Jordan García

Personal information
- Full name: Jordan Javier Garcia Bonett
- Date of birth: 20 June 2005 (age 21)
- Place of birth: El Retén, Colombia
- Height: 1.88 m (6 ft 2 in)
- Position: Goalkeeper

Team information
- Current team: Atlante (on loan from León)
- Number: 33

Youth career
- Fortaleza

Senior career*
- Years: Team / Apps / (Gls)
- 2023–2025: Fortaleza / 50 / (0)
- 2026–: León / 3 / (0)
- 2026–: → Atlante (loan) / 0 / (0)

International career
- 2025: Colombia U20 / 17 / (0)

= Jordan García =

Colombian footballer

Jordan Javier Garcia Bonett (born 20 June 2005) is a Colombian footballer who plays as a goalkeeper for Liga MX club Atlante, on loan from León.

==Club career==
Born in El Retén, Colombia, García started his career with Fortaleza and made his professional debut at the age of 17. During the 2025 season, he recorded an average of 0.69 goals conceded per match and a save percentage of over 84%.

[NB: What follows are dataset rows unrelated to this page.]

(* Let $C$ be a set, $d$ a small category, and $p,q,r$ $(C\mathcal y,d)$-bicomodules. Define $$p\otimes_{C\mathcal y,d}q:=\sum_{a\in C}\sum_{(i,j)\in p_a(1)\times q_a(1)}\mathcal y^{\,p[i]\times_{d(1)}q[j]},\qquad [q,r]_{C\mathcal y,d}:=\sum_{a\in C}\ \sum_{\varphi\in\mathbf{Set}[d](q_a,r_a)}\mathcal y^{\,\sum_{j\in q_a(1)}r[\varphi(j)]},$$ where $p[i]\times_{d(1)}q[j]$ is the product of the $d$-copresheaves $p[i]$ and $q[j]$, and $\sum_{j}r[\varphi(j)]$ is the coproduct of $d$-copresheaves. Then $[q,r]_{C\mathcal y,d}$ has a natural $(C\mathcal y,d)$-bicomodule structure, functorial (contravariantly in $q$, covariantly in $r$), and there is a natural isomorphism $$C\text{-}\mathbf{Set}[d]\big(p\otimes_{C\mathcal y,d}q,\ r\big)\cong C\text{-}\mathbf{Set}[d]\big(p,\ [q,r]_{C\mathcal y,d}\big).$$
   Context: Small categories are comonoids in $(\mathbf{Poly},\mathcal y,\triangleleft)$; $C\mathcal y$ is the discrete category on $C$. $C\text{-}\mathbf{Set}[d]$ denotes the category of $(C\mathcal y,d)$-bicomodules (polynomials $m$ with compatible coactions $m\to C\mathcal y\triangleleft m$, $m\to m\triangleleft d$) and bicomodule maps. For such $m$ and $a\in C$, $m_a$ is the summand of $m$ over $a$, so $m\cong\sum_{a\in C}m_a$, and for each position $i$ the right coaction makes the direction set $m[i]$ (the set of elements of) a $d$-copresheaf. Each $m_a$ is thus a duc-query $X\mapsto\sum_{i\in m_a(1)}d\text{-}\mathbf{Set}(m[i],X)$; $\mathbf{Set}[d](q_a,r_a)$ is the set of natural transformations between these functors $d\text{-}\mathbf{Set}\to\mathbf{Set}$, and such a $\varphi$ sends each position $j\in q_a(1)$ to a position $\varphi(j)\in r_a(1)$ (together with a map $r[\varphi(j)]\to q[j]$ of $d$-copresheaves). *)

From Stdlib Require Import FunctionalExtensionality ProofIrrelevance.



Record Cat := {
  ob : Type;
  hom : ob -> ob -> Type;
  cid : forall x, hom x x;
  ccomp : forall x y z, hom y z -> hom x y -> hom x z;
  ccomp_id_l : forall x y (f : hom x y), ccomp x y y (cid y) f = f;
  ccomp_id_r : forall x y (f : hom x y), ccomp x x y f (cid x) = f;
  ccomp_assoc : forall x y z w (h : hom z w) (g : hom y z) (f : hom x y),
      ccomp x z w h (ccomp x y z g f) = ccomp x y w (ccomp y z w h g) f
}.
Arguments cid {c} x.
Arguments hom : clear implicits.
Arguments ccomp {c x y z} _ _.

Record Copsh (d : Cat) := {
  cob : ob d -> Type;
  cmap : forall x y, hom d x y -> cob x -> cob y;
  cmap_id : forall x e, cmap x x (cid x) e = e;
  cmap_comp : forall x y z (g : hom d y z) (f : hom d x y) e,
      cmap x z (ccomp g f) e = cmap y z g (cmap x y f e)
}.
Arguments cob {d} _ _.
Arguments cmap {d} _ {x y} _ _.

Record CopshHom (d : Cat) (F G : Copsh d) := {
  nt : forall x, cob F x -> cob G x;
  nt_nat : forall (x y : ob d) (f : hom d x y) (e : cob F x), nt y (cmap F f e) = cmap G f (nt x e)
}.
Arguments nt {d F G} _ x _.
Arguments nt_nat {d F G} _ {x y} f e.
Arguments cmap_id {d} _ {x} e.
Arguments cmap_comp {d} _ {x y z} g f e.
Arguments Build_CopshHom {d F G} nt nt_nat.
Arguments CopshHom {d} F G.
Arguments Build_Copsh {d} cob cmap cmap_id cmap_comp.

Set Implicit Arguments.
Unset Strict Implicit.

Definition CopshHom_id (d : Cat) (F : Copsh d) : CopshHom F F.
Proof. refine {| nt := fun x e => e |}. reflexivity. Defined.

Definition CopshHom_comp (d : Cat) (F G H : Copsh d)
  (g : CopshHom G H) (f : CopshHom F G) : CopshHom F H.
Proof.
  refine {| nt := fun x e => nt g x (nt f x e) |}.
  intros. rewrite (nt_nat f), (nt_nat g). reflexivity.
Defined.

Definition prodCopsh (d : Cat) (F G : Copsh d) : Copsh d.
Proof.
  refine {| cob := fun x => (cob F x * cob G x)%type;
            cmap := fun x y f e => (cmap F f (fst e), cmap G f (snd e)) |}.
  - intros x [a b]; simpl; rewrite !cmap_id; reflexivity.
  - intros x y z g f [a b]; simpl; rewrite !cmap_comp; reflexivity.
Defined.

Definition prodCopsh_map (d : Cat) (F F' G G' : Copsh d)
  (f : CopshHom F F') (g : CopshHom G G') : CopshHom (prodCopsh F G) (prodCopsh F' G').
Proof.
  refine {| nt := fun x (e : cob (prodCopsh F G) x) =>
                    ((nt f x (fst e), nt g x (snd e)) : cob (prodCopsh F' G') x) |}.
  intros x y h [a b]; simpl; rewrite (nt_nat f), (nt_nat g); reflexivity.
Defined.

Definition sumCopsh (d : Cat) (J : Type) (F : J -> Copsh d) : Copsh d.
Proof.
  refine {| cob := fun x => {j : J & cob (F j) x};
            cmap := fun x y f e => existT _ (projT1 e) (cmap (F (projT1 e)) f (projT2 e)) |}.
  - intros x [j a]; simpl; rewrite cmap_id; reflexivity.
  - intros x y z g f [j a]; simpl; rewrite cmap_comp; reflexivity.
Defined.

(* ---------- (Cy, d)-bicomodules ----------
   A (Cy,d)-bicomodule m is recorded through its decomposition m = sum_{a in C} m_a:
   for each a in C the positions m_a(1), and for each position i the direction
   set m[i] with the d-copresheaf structure induced by the right coaction. *)
Record Bicomod (C : Type) (d : Cat) := {
  pos : C -> Type;
  dir : forall a, pos a -> Copsh d
}.
Arguments pos {C d} _ _.
Arguments dir {C d} _ {a} _.

(* A map of the a-summands q_a -> r_a: an element of Set[d](q_a, r_a).
   Positions forward, and for each position j a copresheaf map r[phi(j)] -> q[j]. *)
Record FiberHom (C : Type) (d : Cat) (q r : Bicomod C d) (a : C) := {
  fpos : pos q a -> pos r a;
  fdir : forall j, CopshHom (dir r (fpos j)) (dir q j)
}.
Arguments fpos {C d q r a} _ _.
Arguments fdir {C d q r a} _ j.
Arguments Build_FiberHom {C d q r a} fpos fdir.
Arguments FiberHom {C d} q r a.
Arguments Build_Bicomod {C d} pos dir.

Definition BHom (C : Type) (d : Cat) (m n : Bicomod C d) : Type :=
  forall a : C, FiberHom m n a.

Definition FH_id (C : Type) (d : Cat) (m : Bicomod C d) (a : C) : FiberHom m m a :=
  {| fpos := fun i => i; fdir := fun i => CopshHom_id (dir m i) |}.

Definition FH_comp (C : Type) (d : Cat) (m n k : Bicomod C d) (a : C)
  (g : FiberHom n k a) (f : FiberHom m n a) : FiberHom m k a :=
  {| fpos := fun i => fpos g (fpos f i);
     fdir := fun i => CopshHom_comp (fdir f i) (fdir g (fpos f i)) |}.

Definition bid (C : Type) (d : Cat) (m : Bicomod C d) : BHom m m :=
  fun a => FH_id m a.

Definition bcomp (C : Type) (d : Cat) (m n k : Bicomod C d)
  (g : BHom n k) (f : BHom m n) : BHom m k :=
  fun a => FH_comp (g a) (f a).

Definition tensor (C : Type) (d : Cat) (p q : Bicomod C d) : Bicomod C d :=
  {| pos := fun a => (pos p a * pos q a)%type;
     dir := fun a ij => prodCopsh (dir p (fst ij)) (dir q (snd ij)) |}.

Definition tensor_map (C : Type) (d : Cat) (p p' q q' : Bicomod C d)
  (f : BHom p' p) (h : BHom q' q) : BHom (tensor p' q') (tensor p q) :=
  fun a => {| fpos := fun (ij : pos (tensor p' q') a) =>
                        ((fpos (f a) (fst ij), fpos (h a) (snd ij)) : pos (tensor p q) a);
              fdir := fun ij => prodCopsh_map (fdir (f a) (fst ij)) (fdir (h a) (snd ij)) |}.

Definition ihom (C : Type) (d : Cat) (q r : Bicomod C d) : Bicomod C d :=
  {| pos := fun a => FiberHom q r a;
     dir := fun a phi => sumCopsh (fun j : pos q a => dir r (fpos phi j)) |}.

Definition ihom_dir_map (C : Type) (d : Cat) (q q' r r' : Bicomod C d)
  (h : BHom q' q) (g : BHom r r') (a : C) (phi : FiberHom q r a) :
  CopshHom (dir (ihom q' r') (FH_comp (g a) (FH_comp phi (h a))))
           (dir (ihom q r) phi).
Proof.
  refine {| nt := fun x (e : cob (dir (ihom q' r') (FH_comp (g a) (FH_comp phi (h a)))) x) =>
              (existT _ (fpos (h a) (projT1 e))
                 (nt (fdir (g a) (fpos phi (fpos (h a) (projT1 e)))) x (projT2 e))
                : cob (dir (ihom q r) phi) x) |}.
  intros x y f [j e]; simpl. rewrite (nt_nat (fdir (g a) _)). reflexivity.
Defined.

Definition ihom_map (C : Type) (d : Cat) (q q' r r' : Bicomod C d)
  (h : BHom q' q) (g : BHom r r') : BHom (ihom q r) (ihom q' r') :=
  fun a => {| fpos := fun (phi : pos (ihom q r) a) =>
                        (FH_comp (g a) (FH_comp phi (h a)) : pos (ihom q' r') a);
              fdir := fun phi => ihom_dir_map h g phi |}.

Definition Bijective (A B : Type) (f : A -> B) : Prop :=
  exists g : B -> A, (forall x, g (f x) = x) /\ (forall y, f (g y) = y).

(* A map [p ⊗ q -> r] sends a pair of positions [(i, j)] over [a] to a position of
   [r] together with a copresheaf map [r[-] -> p[i] × q[j]], i.e. a pair of maps
   into [p[i]] and into [q[j]].  Fixing [i], the positions and the [q[j]]-components
   form a fibre map [q_a -> r_a], a position of [[q, r]]; the [p[i]]-components,
   taken for all [j] at once, form a single map out of the coproduct
   [Σ_j r[φ(j)]], a direction map of [[q, r]].  So the adjunction is the universal
   property of products and coproducts of copresheaves, and every required identity
   holds up to eta for pairs and dependent pairs, once maps of copresheaves are
   compared extensionally. *)
From Stdlib Require Import FunctionalExtensionality ProofIrrelevance.

Lemma CopshHom_ext (d : Cat) (F G : Copsh d) (a b : CopshHom F G) :
  (forall x e, nt a x e = nt b x e) -> a = b.
Proof.
  destruct a as [na pa], b as [nb pb]; simpl; intros Hab.
  assert (E : na = nb).
  { apply functional_extensionality_dep; intro x.
    apply functional_extensionality; intro e; apply Hab. }
  subst nb; f_equal; apply proof_irrelevance.
Qed.

Lemma FiberHom_ext (C : Type) (d : Cat) (q r : Bicomod C d) (a : C)
    (f g : FiberHom q r a) :
  (forall j, existT (fun y => CopshHom (dir r y) (dir q j)) (fpos f j) (fdir f j)
           = existT (fun y => CopshHom (dir r y) (dir q j)) (fpos g j) (fdir g j)) ->
  f = g.
Proof.
  destruct f as [fp fd], g as [gp gd]; simpl; intros Hfg.
  assert (E : fp = gp).
  { apply functional_extensionality; intro j; exact (f_equal (@projT1 _ _) (Hfg j)). }
  subst gp; f_equal; apply functional_extensionality_dep; intro j.
  exact (inj_pair2 _ _ _ _ _ (Hfg j)).
Qed.

Lemma ihom_existT_eq (C : Type) (d : Cat) (q r : Bicomod C d) (a : C) (G : Copsh d)
    (fp : pos q a -> pos r a) (fd1 fd2 : forall j, CopshHom (dir r (fp j)) (dir q j))
    (A : CopshHom (dir (ihom q r) (Build_FiberHom fp fd1)) G)
    (B : CopshHom (dir (ihom q r) (Build_FiberHom fp fd2)) G) :
  (forall j x e, nt (fd1 j) x e = nt (fd2 j) x e) ->
  (forall x e, nt A x e = nt B x e) ->
  existT (fun phi => CopshHom (dir (ihom q r) phi) G) (Build_FiberHom fp fd1) A
  = existT (fun phi => CopshHom (dir (ihom q r) phi) G) (Build_FiberHom fp fd2) B.
Proof.
  intros Hfd HAB.
  assert (E : fd1 = fd2).
  { apply functional_extensionality_dep; intro j; apply CopshHom_ext, Hfd. }
  subst fd2; f_equal; apply CopshHom_ext, HAB.
Qed.

Section InternalHom.
Variables (C : Type) (d : Cat).

Lemma ihom_map_id (q r : Bicomod C d) : ihom_map (bid q) (bid r) = bid (ihom q r).
Proof.
  apply functional_extensionality_dep; intro a.
  apply FiberHom_ext; intros [fp fd].
  apply ihom_existT_eq; [reflexivity | intros x [j e]; reflexivity].
Qed.

Lemma ihom_map_comp (q q' q'' r r' r'' : Bicomod C d)
    (h : BHom q' q) (h' : BHom q'' q') (g : BHom r r') (g' : BHom r' r'') :
  ihom_map (bcomp h h') (bcomp g' g) = bcomp (ihom_map h' g') (ihom_map h g).
Proof.
  apply functional_extensionality_dep; intro a.
  apply FiberHom_ext; intros [fp fd].
  apply ihom_existT_eq; [reflexivity | intros x [j e]; reflexivity].
Qed.

Variables p q r : Bicomod C d.

Definition curry_fiber_dir (u : BHom (tensor p q) r) (a : C) (i : pos p a)
    (j : pos q a) : CopshHom (dir r (fpos (u a) (i, j))) (dir q j).
Proof.
  refine {| nt := fun x e => (snd (nt (fdir (u a) (i, j)) x e) : cob (dir q j) x) |}.
  intros x y f e; rewrite (nt_nat (fdir (u a) (i, j))); reflexivity.
Defined.

Definition curry_dir (u : BHom (tensor p q) r) (a : C) (i : pos p a) :
  CopshHom (sumCopsh (fun j => dir r (fpos (u a) (i, j)))) (dir p i).
Proof.
  refine {| nt := fun x (e : cob (sumCopsh (fun j => dir r (fpos (u a) (i, j)))) x) =>
                    (fst (nt (fdir (u a) (i, projT1 e)) x (projT2 e)) : cob (dir p i) x) |}.
  intros x y f [j e]; simpl; rewrite (nt_nat (fdir (u a) (i, j))); reflexivity.
Defined.

Definition curry (u : BHom (tensor p q) r) : BHom p (ihom q r) :=
  fun a => {| fpos := fun i => (Build_FiberHom (fun j => fpos (u a) (i, j))
                                               (curry_fiber_dir u a i)
                                : pos (ihom q r) a);
              fdir := curry_dir u a |}.

Definition uncurry_dir (v : BHom p (ihom q r)) (a : C) (ij : pos (tensor p q) a) :
  CopshHom (dir r (fpos (fpos (v a) (fst ij)) (snd ij))) (dir (tensor p q) ij).
Proof.
  refine {| nt := fun x e =>
     ((nt (fdir (v a) (fst ij)) x
          (existT (fun j => cob (dir r (fpos (fpos (v a) (fst ij)) j)) x) (snd ij) e),
       nt (fdir (fpos (v a) (fst ij)) (snd ij)) x e) : cob (dir (tensor p q) ij) x) |}.
  intros x y f e; simpl.
  rewrite <- (nt_nat (fdir (fpos (v a) (fst ij)) (snd ij))).
  rewrite <- (nt_nat (fdir (v a) (fst ij))); reflexivity.
Defined.

Definition uncurry (v : BHom p (ihom q r)) : BHom (tensor p q) r :=
  fun a => {| fpos := fun ij : pos (tensor p q) a => (fpos (fpos (v a) (fst ij)) (snd ij)
                                                     : pos r a);
              fdir := uncurry_dir v a |}.

Lemma curryK (u : BHom (tensor p q) r) : uncurry (curry u) = u.
Proof.
  apply functional_extensionality_dep; intro a.
  apply FiberHom_ext; intros [i j]; simpl; f_equal.
  apply CopshHom_ext; intros x e; symmetry; apply surjective_pairing.
Qed.

Lemma uncurryK (v : BHom p (ihom q r)) : curry (uncurry v) = v.
Proof.
  apply functional_extensionality_dep; intro a.
  apply FiberHom_ext; intro i.
  unfold curry, curry_fiber_dir, curry_dir, uncurry, uncurry_dir; cbn.
  generalize (fdir (v a) i) as w; generalize (fpos (v a) i) as phi.
  intros [fp fd] w.
  apply ihom_existT_eq; [reflexivity | intros x [j e]; reflexivity].
Qed.

Lemma curry_bijective : Bijective curry.
Proof. exists uncurry; split; [exact curryK | exact uncurryK]. Qed.

End InternalHom.

Arguments curry {C d p q r} u a.

Lemma curry_natural (C : Type) (d : Cat) (p p' q q' r r' : Bicomod C d)
    (f : BHom p' p) (h : BHom q' q) (g : BHom r r') (u : BHom (tensor p q) r) :
  curry (bcomp g (bcomp u (tensor_map f h))) = bcomp (ihom_map h g) (bcomp (curry u) f).
Proof.
  apply functional_extensionality_dep; intro a.
  apply FiberHom_ext; intro i.
  apply ihom_existT_eq; [reflexivity | intros x [j e]; reflexivity].
Qed.

Theorem proposition2p46 (C : Type) (d : Cat) :
  (* [-,-] is a functor (contravariant in q, covariant in r) *)
  (forall q r : Bicomod C d, ihom_map (bid q) (bid r) = bid (ihom q r)) /\
  (forall (q q' q'' r r' r'' : Bicomod C d)
          (h : BHom q' q) (h' : BHom q'' q') (g : BHom r r') (g' : BHom r' r''),
      ihom_map (bcomp h h') (bcomp g' g) = bcomp (ihom_map h' g') (ihom_map h g)) /\
  (* natural isomorphism C-Set[d](p (x) q, r) ~= C-Set[d](p, [q, r]) *)
  exists Phi : forall p q r : Bicomod C d, BHom (tensor p q) r -> BHom p (ihom q r),
    (forall p q r : Bicomod C d, Bijective (Phi p q r)) /\
    (forall (p p' q q' r r' : Bicomod C d)
            (f : BHom p' p) (h : BHom q' q) (g : BHom r r') (u : BHom (tensor p q) r),
        Phi p' q' r' (bcomp g (bcomp u (tensor_map f h)))
        = bcomp (ihom_map h g) (bcomp (Phi p q r u) f)).
Proof.
  split; [exact (@ihom_map_id C d) | split; [exact (@ihom_map_comp C d) |]].
  exists (@curry C d); split.
  - exact (@curry_bijective C d).
  - exact (@curry_natural C d).
Qed.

In June 2025, García was transferred to Liga MX club León under an agreement set to take effect in January 2026. In April 2026, he was included by CIES Football Observatory in the list of the 100 goalkeepers who did not yet turn 23 with the highest estimated transfer value.

On 11 August 2026, García was loaned to Atlante.

==International career==
García represented Colombia at under-20 level in both the 2025 South American Championship and the 2025 FIFA World Cup.